ST online Forum, 17 April 2015
Do more to curb unethical workplace practices
What are the main underlying causes of workplace unhappiness? Is it just about kickbacks? (“Workers urged to report bosses demanding kickbacks”; yesterday).
There are all kinds of harassment and bullying at workplaces.
Some bosses ask for sexual favours; others ask for a regular cut of the pay, a pay rise or sales commission, when foreigners are employed.
Such practices will affect workplace morale and productivity.
I hope the Manpower Ministry will make it mandatory for all employment agencies and workplaces to display signs encouraging employees to provide feedback on malpractices.

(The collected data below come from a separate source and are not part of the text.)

Lemma X_arc_end u T : X_arc u T ->
  T < PI /\ py (u 0) = yin T /\
  u T = (- H * yout T + (px (u 0) - H * yin T) * exp (-2 * T), - yout T, 0).
Proof.
  intros (Hu & Hz0 & HT & HzT & Hpos).
  pose proof (traj_eq_flow u Hu Hz0) as Eu.
  assert (HTPI : T < PI).
  { destruct (Rlt_or_le T PI) as [| Hle]; [assumption | exfalso].
    pose proof (exp_pos PI). pose proof (flow_z_PI (py (u 0))).
    destruct (Req_dec T PI) as [-> | Hne].
    - rewrite Eu in HzT. cbn in HzT. lra.
    - specialize (Hpos PI ltac:(pose proof PI_RGT_0; lra)). rewrite Eu in Hpos. cbn in Hpos. lra. }
  assert (Hy0 : py (u 0) = yin T).
  { apply flow_z_eq_0; [lra |]. rewrite Eu in HzT. exact HzT. }
  split; [exact HTPI | split; [exact Hy0 |]].
  rewrite Eu, Hy0. unfold flow.
  rewrite flow_y_yin, flow_z_yin by lra.
  apply pt_eq; cbn; ring.
Qed.

Lemma glued_X_arcs u w T1 T2 : X_arc u T1 -> X_arc w T2 ->
  w 0 = Sinv (u T1) -> w T2 = Sinv (u 0) ->
  T1 < PI /\ T2 < PI /\ closing_defect H T1 T2 = 0 /\ closing_defect H T2 T1 = 0 /\
  u 0 = (yout T2, yin T1, 0).
Proof.
  intros Hu Hw Ew0 EwT.
  destruct (X_arc_end u T1 Hu) as (HT1 & Hu0 & HuT).
  destruct (X_arc_end w T2 Hw) as (HT2 & Hw0 & HwT).
  destruct Hu as (_ & Hz0 & _).
  rewrite Ew0, HuT in Hw0. rewrite EwT in HwT. rewrite Ew0, HuT in HwT.
  rewrite Sinv_py in Hw0. cbn in Hw0.
  apply (f_equal px) in HwT as HwTx. apply (f_equal py) in HwT as HwTy.
  rewrite Sinv_px, Sinv_px in HwTx. rewrite Sinv_py in HwTy. cbn in HwTx, HwTy.
  unfold closing_defect. repeat split; [lra | lra | nra | nra |].
  apply pt_eq; cbn; lra.
Qed.

End Flow.

Definition T0 : R := PI / 2.

Definition H0 : R :=
  (yin T0 + exp (-2 * T0) * yout T0) / (yout T0 + exp (-2 * T0) * yin T0).

Lemma T0_bounds : 0 < T0 < PI.
Proof. unfold T0. pose proof PI_RGT_0. lra. Qed.

Lemma H0_bounds : 0 < H0 < 1.
Proof.
  pose proof (yin_pos T0 T0_bounds). pose proof (yout_pos T0 T0_bounds).
  pose proof (yin_lt_yout T0 T0_bounds). pose proof (exp_pos (-2 * T0)).
  assert (exp (-2 * T0) < 1) by (rewrite <- exp_0; apply exp_increasing; pose proof T0_bounds; lra).
  unfold H0. split.
  - apply Rdiv_lt_0_compat; nra.
  - apply Rlt_div_l; nra.
Qed.

Lemma closing_defect_H0_T0 : closing_defect H0 T0 T0 = 0.
Proof.
  pose proof (yin_pos T0 T0_bounds). pose proof (yout_pos T0 T0_bounds). pose proof (exp_pos (-2 * T0)).
  unfold closing_defect, H0. field. nra.
Qed.

Definition cycle_arc : R -> pt := flow H0 (yout T0) (yin T0).

Definition cycle (q : pt) : Prop :=
  (exists t, 0 <= t <= T0 /\ q = cycle_arc t) \/
  (exists t, 0 <= t <= T0 /\ q = Sinv (cycle_arc t)).

Lemma X_arc_cycle_arc : X_arc H0 cycle_arc T0.
Proof.
  pose proof T0_bounds.
  unfold X_arc, cycle_arc. repeat match goal with |- _ /\ _ => split end.
  - apply is_traj_flow.
  - now rewrite flow_0.
  - lra.
  - apply flow_z_yin; lra.
  - intros t Ht. apply flow_z_yin_pos; lra.
Qed.

Lemma cycle_arc_0 : cycle_arc 0 = (yout T0, yin T0, 0).
Proof. apply flow_0. Qed.

Lemma cycle_arc_T0 : cycle_arc T0 = Sinv (cycle_arc 0).
Proof.
  destruct (X_arc_end H0 cycle_arc T0 X_arc_cycle_arc) as (_ & _ & ->).
  rewrite cycle_arc_0. pose proof closing_defect_H0_T0. unfold closing_defect in *.
  apply pt_eq; cbn; lra.
Qed.

Lemma cycle_crossing : crossing_periodic_orbit (-2 * 1) 1 H0 (-2) cycle.
Proof.
  pose proof T0_bounds. pose proof (yin_pos T0 T0_bounds). pose proof (yout_pos T0 T0_bounds).
  destruct X_arc_cycle_arc as (Hu & Hz0 & _ & HzT & Hpos).
  exists (cycle_arc 0), (cycle_arc T0), T0, T0, cycle_arc, (fun t => Sinv (cycle_arc t)).
  repeat match goal with |- _ /\ _ => split end; try lra; try reflexivity.
  - exact Hu.
  - exact (is_traj_Sinv _ _ _ (Yf_Sinv _ _ _ _) Hu).
  - symmetry. apply cycle_arc_T0.
  - now rewrite cycle_arc_T0, Sinv_involutive.
  - exact Hpos.
  - intros t Ht. rewrite Sinv_pz. specialize (Hpos t Ht). lra.
  - rewrite cycle_arc_0. cbn. nra.
  - rewrite cycle_arc_T0, cycle_arc_0. cbn. nra.
Qed.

We must make greater efforts to stamp out illegal workplace practices if we wish to improve our productivity.
Tan Kok Tim
N Nagesh and Tan Kok Tim are among many concerned Singaporeans who deplore the present situation. Coming up soon on this website is a story about a worker who, refusing to obey an order by his boss to carry out unsafe work, was assaulted. An engineer from another contracting firm at the same site video’d the assault and offered the video to the worker in support of his complaint.
The issue of kickbacks and abuses is one that troubles the general public. But why does it persist? As pointed out by TWC regularly, a large part of the answer lies in the regulatory system designed by the State that enhances rather than reduce workers’ vulnerability.